◆ Records to process

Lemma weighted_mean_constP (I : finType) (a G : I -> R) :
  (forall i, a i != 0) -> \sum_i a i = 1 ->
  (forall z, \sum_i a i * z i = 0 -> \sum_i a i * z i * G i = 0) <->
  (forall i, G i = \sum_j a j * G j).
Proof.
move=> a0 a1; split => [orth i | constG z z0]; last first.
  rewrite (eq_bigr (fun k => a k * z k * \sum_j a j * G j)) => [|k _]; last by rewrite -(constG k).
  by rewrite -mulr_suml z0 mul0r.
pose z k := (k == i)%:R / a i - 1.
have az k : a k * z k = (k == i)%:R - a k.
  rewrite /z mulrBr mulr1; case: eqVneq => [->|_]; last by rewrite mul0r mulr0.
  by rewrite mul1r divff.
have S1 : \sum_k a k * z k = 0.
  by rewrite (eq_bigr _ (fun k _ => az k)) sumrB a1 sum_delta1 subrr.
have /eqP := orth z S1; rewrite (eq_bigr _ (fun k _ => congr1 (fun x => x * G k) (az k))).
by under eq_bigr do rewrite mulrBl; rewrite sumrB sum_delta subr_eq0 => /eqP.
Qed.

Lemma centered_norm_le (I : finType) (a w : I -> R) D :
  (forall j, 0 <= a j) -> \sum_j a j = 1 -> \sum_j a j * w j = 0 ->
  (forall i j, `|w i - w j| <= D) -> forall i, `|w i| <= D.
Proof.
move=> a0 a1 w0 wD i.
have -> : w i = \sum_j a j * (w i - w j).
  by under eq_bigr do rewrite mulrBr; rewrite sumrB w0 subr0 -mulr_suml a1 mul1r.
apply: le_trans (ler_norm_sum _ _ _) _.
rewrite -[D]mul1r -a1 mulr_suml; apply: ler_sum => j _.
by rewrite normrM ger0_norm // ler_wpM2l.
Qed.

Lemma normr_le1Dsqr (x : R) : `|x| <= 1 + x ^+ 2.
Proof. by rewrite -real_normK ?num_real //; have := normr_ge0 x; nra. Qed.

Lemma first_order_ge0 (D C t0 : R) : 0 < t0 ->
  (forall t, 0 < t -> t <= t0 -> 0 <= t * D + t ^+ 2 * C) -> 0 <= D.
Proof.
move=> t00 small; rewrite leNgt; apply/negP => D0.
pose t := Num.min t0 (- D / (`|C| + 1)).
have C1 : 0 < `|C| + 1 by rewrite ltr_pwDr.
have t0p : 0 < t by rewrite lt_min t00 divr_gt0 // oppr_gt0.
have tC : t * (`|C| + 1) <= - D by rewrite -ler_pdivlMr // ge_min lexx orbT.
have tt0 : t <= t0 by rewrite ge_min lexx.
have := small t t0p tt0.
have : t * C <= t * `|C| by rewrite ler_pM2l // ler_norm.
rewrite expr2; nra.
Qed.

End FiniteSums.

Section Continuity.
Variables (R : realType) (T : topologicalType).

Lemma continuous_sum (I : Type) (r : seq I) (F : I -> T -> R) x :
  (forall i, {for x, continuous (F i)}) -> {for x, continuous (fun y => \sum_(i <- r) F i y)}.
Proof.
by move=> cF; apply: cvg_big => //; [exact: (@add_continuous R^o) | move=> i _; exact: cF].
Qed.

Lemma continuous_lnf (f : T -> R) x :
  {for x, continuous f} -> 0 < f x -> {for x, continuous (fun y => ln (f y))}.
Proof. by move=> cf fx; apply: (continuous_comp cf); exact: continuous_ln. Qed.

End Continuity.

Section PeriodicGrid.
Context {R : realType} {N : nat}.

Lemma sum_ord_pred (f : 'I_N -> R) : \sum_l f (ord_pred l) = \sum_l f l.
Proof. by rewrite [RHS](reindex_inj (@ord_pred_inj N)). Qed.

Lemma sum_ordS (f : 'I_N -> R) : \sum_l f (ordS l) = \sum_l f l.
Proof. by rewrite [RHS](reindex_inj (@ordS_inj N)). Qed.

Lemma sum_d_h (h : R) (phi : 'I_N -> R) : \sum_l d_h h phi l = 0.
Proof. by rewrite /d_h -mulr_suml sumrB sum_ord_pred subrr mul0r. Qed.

---

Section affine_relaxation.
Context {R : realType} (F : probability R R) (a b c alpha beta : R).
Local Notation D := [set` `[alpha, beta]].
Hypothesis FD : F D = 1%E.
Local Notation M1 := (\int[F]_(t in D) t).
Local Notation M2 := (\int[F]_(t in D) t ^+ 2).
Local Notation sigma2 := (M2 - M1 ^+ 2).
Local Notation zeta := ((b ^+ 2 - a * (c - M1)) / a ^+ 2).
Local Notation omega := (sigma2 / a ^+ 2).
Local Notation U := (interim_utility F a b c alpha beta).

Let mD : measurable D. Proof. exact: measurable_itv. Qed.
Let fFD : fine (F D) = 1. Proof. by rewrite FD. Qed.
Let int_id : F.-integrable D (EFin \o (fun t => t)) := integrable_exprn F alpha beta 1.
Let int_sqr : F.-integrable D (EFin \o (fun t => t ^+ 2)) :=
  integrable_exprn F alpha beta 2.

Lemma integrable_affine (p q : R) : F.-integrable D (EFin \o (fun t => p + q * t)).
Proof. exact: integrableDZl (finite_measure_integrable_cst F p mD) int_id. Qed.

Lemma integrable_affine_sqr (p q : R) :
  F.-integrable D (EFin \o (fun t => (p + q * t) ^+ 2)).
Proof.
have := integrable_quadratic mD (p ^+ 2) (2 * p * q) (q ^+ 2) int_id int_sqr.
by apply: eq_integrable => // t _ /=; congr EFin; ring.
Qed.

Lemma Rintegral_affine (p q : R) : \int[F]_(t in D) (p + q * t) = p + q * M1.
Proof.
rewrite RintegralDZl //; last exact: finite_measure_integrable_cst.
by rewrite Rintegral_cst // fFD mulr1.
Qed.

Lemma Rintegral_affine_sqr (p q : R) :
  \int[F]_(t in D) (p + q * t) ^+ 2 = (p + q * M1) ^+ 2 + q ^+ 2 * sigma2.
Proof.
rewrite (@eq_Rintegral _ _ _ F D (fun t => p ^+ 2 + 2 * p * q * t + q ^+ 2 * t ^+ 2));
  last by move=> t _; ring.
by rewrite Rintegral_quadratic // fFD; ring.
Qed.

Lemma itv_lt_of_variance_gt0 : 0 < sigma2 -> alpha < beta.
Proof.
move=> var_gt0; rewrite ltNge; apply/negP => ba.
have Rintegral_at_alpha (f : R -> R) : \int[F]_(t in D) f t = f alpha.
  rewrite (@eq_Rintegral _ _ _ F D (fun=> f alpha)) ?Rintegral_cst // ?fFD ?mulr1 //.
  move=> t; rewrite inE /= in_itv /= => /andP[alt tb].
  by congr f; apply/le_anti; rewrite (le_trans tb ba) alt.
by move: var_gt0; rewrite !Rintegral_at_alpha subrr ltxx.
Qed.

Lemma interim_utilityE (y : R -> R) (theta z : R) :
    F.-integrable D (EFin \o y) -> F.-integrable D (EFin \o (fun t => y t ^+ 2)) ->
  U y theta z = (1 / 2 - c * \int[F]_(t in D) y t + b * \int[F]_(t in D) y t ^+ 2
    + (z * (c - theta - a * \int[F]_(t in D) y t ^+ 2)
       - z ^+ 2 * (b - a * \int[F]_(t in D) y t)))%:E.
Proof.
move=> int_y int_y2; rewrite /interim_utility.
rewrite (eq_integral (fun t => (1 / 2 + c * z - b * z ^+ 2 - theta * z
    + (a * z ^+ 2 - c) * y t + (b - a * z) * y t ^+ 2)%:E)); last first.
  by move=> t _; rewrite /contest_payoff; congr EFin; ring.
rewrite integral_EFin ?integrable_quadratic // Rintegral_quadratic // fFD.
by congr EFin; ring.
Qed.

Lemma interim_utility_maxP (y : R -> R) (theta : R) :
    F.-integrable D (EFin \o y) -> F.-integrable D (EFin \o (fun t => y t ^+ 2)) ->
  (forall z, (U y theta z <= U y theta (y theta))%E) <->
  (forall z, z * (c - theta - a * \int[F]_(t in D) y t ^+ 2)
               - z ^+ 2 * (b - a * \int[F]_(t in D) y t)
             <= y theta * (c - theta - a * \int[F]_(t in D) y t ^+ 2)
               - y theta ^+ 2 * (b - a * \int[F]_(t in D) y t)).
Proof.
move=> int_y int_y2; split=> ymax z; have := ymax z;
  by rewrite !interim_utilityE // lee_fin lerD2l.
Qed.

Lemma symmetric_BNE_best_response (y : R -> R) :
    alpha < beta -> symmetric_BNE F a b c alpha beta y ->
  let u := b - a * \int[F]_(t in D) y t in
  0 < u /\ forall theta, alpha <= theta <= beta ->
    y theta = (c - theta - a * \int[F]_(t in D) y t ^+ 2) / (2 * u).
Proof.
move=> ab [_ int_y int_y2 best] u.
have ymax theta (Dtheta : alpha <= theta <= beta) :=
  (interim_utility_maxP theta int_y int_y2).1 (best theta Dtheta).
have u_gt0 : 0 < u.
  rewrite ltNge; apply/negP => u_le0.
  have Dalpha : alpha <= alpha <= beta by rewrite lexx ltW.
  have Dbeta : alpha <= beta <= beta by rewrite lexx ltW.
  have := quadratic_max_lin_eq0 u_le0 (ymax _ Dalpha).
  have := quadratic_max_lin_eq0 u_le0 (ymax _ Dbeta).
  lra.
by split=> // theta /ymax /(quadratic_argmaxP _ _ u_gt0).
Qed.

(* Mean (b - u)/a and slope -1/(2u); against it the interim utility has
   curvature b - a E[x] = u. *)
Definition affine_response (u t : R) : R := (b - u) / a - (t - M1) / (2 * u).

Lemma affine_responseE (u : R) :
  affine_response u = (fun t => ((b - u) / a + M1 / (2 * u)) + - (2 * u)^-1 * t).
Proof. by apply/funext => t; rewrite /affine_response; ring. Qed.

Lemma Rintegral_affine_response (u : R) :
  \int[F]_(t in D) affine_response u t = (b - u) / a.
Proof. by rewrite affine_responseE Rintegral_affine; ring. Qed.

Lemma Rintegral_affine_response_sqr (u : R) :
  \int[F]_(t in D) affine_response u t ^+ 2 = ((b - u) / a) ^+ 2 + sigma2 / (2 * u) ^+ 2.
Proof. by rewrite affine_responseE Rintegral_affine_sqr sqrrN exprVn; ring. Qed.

◆ What to produce
Set down precisely the lines above between the line holding "Lemma weighted_mean_constP (I" and the line holding "Lemma first_order_ge0 (D", inclusive, and nothing beyond them.

◆ Problem solution
Lemma weighted_mean_constP (I : finType) (a G : I -> R) :
  (forall i, a i != 0) -> \sum_i a i = 1 ->
  (forall z, \sum_i a i * z i = 0 -> \sum_i a i * z i * G i = 0) <->
  (forall i, G i = \sum_j a j * G j).
Proof.
move=> a0 a1; split => [orth i | constG z z0]; last first.
  rewrite (eq_bigr (fun k => a k * z k * \sum_j a j * G j)) => [|k _]; last by rewrite -(constG k).
  by rewrite -mulr_suml z0 mul0r.
pose z k := (k == i)%:R / a i - 1.
have az k : a k * z k = (k == i)%:R - a k.
  rewrite /z mulrBr mulr1; case: eqVneq => [->|_]; last by rewrite mul0r mulr0.
  by rewrite mul1r divff.
have S1 : \sum_k a k * z k = 0.
  by rewrite (eq_bigr _ (fun k _ => az k)) sumrB a1 sum_delta1 subrr.
have /eqP := orth z S1; rewrite (eq_bigr _ (fun k _ => congr1 (fun x => x * G k) (az k))).
by under eq_bigr do rewrite mulrBl; rewrite sumrB sum_delta subr_eq0 => /eqP.
Qed.

Lemma centered_norm_le (I : finType) (a w : I -> R) D :
  (forall j, 0 <= a j) -> \sum_j a j = 1 -> \sum_j a j * w j = 0 ->
  (forall i j, `|w i - w j| <= D) -> forall i, `|w i| <= D.
Proof.
move=> a0 a1 w0 wD i.
have -> : w i = \sum_j a j * (w i - w j).
  by under eq_bigr do rewrite mulrBr; rewrite sumrB w0 subr0 -mulr_suml a1 mul1r.
apply: le_trans (ler_norm_sum _ _ _) _.
rewrite -[D]mul1r -a1 mulr_suml; apply: ler_sum => j _.
by rewrite normrM ger0_norm // ler_wpM2l.
Qed.

Lemma normr_le1Dsqr (x : R) : `|x| <= 1 + x ^+ 2.
Proof. by rewrite -real_normK ?num_real //; have := normr_ge0 x; nra. Qed.

Lemma first_order_ge0 (D C t0 : R) : 0 < t0 ->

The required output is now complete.